### Work task
Where a line below holds the string "Prop", count it; then give the total without any other words.

[Saved data entries]
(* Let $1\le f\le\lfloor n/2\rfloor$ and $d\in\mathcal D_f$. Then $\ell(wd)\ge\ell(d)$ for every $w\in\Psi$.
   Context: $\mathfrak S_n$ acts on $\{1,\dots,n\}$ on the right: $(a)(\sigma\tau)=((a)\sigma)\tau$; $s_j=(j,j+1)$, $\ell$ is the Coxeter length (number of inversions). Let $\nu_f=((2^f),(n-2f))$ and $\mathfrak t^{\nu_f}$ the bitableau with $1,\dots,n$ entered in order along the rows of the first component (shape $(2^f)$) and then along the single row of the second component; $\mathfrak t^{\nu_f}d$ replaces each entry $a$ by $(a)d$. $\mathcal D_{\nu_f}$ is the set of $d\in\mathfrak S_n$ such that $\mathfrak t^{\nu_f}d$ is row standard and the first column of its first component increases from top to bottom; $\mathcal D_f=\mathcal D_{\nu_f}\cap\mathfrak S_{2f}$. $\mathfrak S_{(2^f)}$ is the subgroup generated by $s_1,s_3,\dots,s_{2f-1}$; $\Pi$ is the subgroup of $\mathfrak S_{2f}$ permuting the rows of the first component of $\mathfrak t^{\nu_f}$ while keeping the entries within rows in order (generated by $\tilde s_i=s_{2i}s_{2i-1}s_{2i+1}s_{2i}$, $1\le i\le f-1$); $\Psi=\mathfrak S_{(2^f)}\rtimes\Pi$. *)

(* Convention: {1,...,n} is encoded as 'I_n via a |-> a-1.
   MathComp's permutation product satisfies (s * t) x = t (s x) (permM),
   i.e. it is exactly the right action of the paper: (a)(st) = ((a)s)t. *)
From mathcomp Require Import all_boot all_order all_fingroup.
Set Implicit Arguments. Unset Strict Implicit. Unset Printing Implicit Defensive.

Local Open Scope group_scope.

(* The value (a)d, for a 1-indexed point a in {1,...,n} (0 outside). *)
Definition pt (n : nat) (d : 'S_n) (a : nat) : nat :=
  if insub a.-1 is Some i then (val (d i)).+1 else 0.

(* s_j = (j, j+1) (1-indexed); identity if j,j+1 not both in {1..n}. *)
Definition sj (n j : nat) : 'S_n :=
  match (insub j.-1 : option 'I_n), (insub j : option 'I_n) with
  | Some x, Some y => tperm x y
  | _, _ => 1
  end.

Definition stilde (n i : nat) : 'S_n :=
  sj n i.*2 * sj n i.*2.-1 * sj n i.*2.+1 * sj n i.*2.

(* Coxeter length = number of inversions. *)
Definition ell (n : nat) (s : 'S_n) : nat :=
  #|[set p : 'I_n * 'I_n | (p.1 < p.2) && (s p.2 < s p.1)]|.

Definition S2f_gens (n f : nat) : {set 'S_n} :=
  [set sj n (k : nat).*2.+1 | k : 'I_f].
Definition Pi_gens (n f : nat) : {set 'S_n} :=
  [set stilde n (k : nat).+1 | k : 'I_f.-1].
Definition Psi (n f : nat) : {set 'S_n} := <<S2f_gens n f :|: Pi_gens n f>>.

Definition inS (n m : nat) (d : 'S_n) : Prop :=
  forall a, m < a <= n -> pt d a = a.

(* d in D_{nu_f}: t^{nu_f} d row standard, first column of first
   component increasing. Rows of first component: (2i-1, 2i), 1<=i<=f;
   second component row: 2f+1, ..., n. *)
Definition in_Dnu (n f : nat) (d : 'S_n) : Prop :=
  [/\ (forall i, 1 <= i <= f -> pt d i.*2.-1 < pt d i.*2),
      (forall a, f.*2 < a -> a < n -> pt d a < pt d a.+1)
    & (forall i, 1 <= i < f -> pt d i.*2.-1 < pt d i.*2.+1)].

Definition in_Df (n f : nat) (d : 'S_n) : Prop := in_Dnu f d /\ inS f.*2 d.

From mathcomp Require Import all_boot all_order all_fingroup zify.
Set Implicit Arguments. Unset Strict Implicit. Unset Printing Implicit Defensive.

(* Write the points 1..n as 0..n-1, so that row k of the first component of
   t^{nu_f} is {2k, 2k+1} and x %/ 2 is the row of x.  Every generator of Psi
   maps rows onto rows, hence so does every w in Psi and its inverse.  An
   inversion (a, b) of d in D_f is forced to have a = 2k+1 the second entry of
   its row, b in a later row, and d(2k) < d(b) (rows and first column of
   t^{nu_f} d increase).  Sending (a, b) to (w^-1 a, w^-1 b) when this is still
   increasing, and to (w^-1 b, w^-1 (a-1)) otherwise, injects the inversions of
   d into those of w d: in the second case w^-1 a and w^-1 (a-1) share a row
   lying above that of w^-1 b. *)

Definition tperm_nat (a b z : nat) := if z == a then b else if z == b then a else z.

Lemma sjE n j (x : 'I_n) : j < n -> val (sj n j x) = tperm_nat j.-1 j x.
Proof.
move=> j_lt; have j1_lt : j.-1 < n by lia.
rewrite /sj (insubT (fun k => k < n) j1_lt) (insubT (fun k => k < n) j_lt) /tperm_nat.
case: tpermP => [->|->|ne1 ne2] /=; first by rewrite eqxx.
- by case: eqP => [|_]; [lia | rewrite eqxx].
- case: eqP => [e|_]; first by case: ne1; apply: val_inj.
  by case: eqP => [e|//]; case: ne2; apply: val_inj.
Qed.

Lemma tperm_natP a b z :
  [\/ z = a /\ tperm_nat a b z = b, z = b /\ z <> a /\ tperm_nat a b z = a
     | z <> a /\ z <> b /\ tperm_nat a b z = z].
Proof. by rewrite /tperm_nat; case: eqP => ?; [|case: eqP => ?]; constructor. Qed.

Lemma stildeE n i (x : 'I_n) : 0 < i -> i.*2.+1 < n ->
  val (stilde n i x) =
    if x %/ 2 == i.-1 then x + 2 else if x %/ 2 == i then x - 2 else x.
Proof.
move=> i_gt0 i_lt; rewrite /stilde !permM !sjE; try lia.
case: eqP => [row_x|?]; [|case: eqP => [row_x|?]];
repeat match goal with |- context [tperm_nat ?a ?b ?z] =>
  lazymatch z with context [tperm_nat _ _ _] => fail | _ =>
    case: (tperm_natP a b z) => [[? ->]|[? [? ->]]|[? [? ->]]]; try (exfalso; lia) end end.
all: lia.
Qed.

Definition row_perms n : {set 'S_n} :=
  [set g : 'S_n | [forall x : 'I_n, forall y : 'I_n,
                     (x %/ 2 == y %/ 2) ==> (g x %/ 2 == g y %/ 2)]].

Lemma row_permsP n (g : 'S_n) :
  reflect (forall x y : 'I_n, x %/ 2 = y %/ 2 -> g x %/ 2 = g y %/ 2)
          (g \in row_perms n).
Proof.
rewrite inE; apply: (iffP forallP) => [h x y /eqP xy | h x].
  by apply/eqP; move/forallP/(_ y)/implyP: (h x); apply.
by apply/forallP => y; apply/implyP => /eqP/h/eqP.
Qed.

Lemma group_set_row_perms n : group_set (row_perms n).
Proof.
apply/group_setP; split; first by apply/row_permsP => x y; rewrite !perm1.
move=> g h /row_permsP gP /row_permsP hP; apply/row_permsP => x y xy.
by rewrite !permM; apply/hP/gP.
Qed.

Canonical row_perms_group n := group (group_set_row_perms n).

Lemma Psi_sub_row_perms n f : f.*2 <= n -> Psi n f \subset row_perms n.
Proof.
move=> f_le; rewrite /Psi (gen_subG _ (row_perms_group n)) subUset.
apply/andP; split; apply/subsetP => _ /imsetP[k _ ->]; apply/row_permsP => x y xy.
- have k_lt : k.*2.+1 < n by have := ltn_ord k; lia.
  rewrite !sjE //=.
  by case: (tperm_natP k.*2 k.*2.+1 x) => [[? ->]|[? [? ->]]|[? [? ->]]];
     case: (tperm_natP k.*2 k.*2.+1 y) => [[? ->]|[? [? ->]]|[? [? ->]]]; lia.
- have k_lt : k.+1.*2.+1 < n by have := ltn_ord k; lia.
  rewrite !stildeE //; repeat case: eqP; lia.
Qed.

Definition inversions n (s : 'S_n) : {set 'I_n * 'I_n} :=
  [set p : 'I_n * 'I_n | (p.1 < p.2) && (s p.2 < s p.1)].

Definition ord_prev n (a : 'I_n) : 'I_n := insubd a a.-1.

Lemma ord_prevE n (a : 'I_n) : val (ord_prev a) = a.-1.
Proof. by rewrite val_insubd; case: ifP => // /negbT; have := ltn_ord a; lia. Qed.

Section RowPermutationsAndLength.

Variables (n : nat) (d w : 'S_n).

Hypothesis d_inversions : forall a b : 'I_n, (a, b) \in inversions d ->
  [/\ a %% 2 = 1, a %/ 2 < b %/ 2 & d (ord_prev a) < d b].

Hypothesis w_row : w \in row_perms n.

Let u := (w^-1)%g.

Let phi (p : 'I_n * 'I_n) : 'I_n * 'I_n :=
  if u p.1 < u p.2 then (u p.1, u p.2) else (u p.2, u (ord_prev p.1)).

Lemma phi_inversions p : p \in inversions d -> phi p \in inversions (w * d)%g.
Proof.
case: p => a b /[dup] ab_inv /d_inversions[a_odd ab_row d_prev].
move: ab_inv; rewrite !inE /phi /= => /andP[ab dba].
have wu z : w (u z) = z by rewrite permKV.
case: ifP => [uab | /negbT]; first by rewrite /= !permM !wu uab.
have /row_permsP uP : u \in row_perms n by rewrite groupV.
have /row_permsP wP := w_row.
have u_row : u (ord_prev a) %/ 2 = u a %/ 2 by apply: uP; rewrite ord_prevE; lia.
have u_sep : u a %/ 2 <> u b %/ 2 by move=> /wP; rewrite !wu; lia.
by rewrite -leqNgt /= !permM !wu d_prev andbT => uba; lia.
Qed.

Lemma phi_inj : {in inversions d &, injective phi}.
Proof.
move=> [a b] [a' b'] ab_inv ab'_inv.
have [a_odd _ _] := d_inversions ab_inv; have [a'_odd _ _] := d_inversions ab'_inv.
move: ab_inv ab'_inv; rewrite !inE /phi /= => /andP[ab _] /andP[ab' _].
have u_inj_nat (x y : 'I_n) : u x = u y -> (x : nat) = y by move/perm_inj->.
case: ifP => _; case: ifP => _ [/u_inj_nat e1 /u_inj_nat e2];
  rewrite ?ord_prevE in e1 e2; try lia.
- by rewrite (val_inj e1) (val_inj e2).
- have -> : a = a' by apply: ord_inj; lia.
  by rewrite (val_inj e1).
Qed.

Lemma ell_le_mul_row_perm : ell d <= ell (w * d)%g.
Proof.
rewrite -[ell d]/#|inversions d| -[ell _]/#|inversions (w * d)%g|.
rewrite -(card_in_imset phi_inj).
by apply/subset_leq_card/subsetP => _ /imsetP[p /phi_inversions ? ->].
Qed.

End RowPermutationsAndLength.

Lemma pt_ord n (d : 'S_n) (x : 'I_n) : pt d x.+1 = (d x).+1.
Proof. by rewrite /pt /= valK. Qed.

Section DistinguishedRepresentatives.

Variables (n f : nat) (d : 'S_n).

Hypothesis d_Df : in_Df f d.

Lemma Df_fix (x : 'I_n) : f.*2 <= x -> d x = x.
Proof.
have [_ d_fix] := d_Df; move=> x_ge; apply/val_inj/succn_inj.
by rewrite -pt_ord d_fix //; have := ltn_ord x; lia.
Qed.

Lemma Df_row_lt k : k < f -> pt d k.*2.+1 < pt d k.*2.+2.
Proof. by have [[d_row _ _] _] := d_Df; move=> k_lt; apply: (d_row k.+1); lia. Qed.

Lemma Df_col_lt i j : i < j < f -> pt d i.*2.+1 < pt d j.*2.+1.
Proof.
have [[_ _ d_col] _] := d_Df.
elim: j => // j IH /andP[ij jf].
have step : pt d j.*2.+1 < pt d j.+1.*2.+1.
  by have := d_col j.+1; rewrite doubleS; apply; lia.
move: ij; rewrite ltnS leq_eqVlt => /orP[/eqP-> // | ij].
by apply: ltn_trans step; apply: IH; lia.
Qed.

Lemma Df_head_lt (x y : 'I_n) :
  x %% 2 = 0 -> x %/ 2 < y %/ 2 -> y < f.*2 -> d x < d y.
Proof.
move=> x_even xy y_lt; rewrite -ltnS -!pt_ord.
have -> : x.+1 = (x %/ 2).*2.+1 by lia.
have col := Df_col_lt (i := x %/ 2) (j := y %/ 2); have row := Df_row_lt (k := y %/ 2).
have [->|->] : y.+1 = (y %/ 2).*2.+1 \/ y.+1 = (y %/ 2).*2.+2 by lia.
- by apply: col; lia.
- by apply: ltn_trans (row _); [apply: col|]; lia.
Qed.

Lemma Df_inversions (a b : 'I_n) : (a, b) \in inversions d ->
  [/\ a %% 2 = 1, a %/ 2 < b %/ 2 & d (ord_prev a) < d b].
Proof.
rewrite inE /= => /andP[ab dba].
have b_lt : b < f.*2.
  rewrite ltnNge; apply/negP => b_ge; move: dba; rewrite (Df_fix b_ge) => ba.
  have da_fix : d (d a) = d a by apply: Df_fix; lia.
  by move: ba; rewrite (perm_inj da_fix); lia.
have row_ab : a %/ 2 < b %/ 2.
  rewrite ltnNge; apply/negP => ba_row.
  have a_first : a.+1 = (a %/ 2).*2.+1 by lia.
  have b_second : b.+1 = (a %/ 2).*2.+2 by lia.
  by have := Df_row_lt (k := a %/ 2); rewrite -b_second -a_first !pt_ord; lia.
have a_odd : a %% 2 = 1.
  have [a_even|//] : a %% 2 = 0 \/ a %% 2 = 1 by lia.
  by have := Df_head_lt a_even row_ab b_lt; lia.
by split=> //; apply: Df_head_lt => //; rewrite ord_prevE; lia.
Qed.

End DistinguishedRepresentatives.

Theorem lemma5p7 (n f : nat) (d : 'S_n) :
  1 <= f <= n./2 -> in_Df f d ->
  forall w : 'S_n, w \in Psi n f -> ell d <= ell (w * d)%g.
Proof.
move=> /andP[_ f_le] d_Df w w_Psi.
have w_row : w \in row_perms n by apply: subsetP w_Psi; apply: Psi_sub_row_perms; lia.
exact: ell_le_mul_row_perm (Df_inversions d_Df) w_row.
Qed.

### Solution to the exercise
3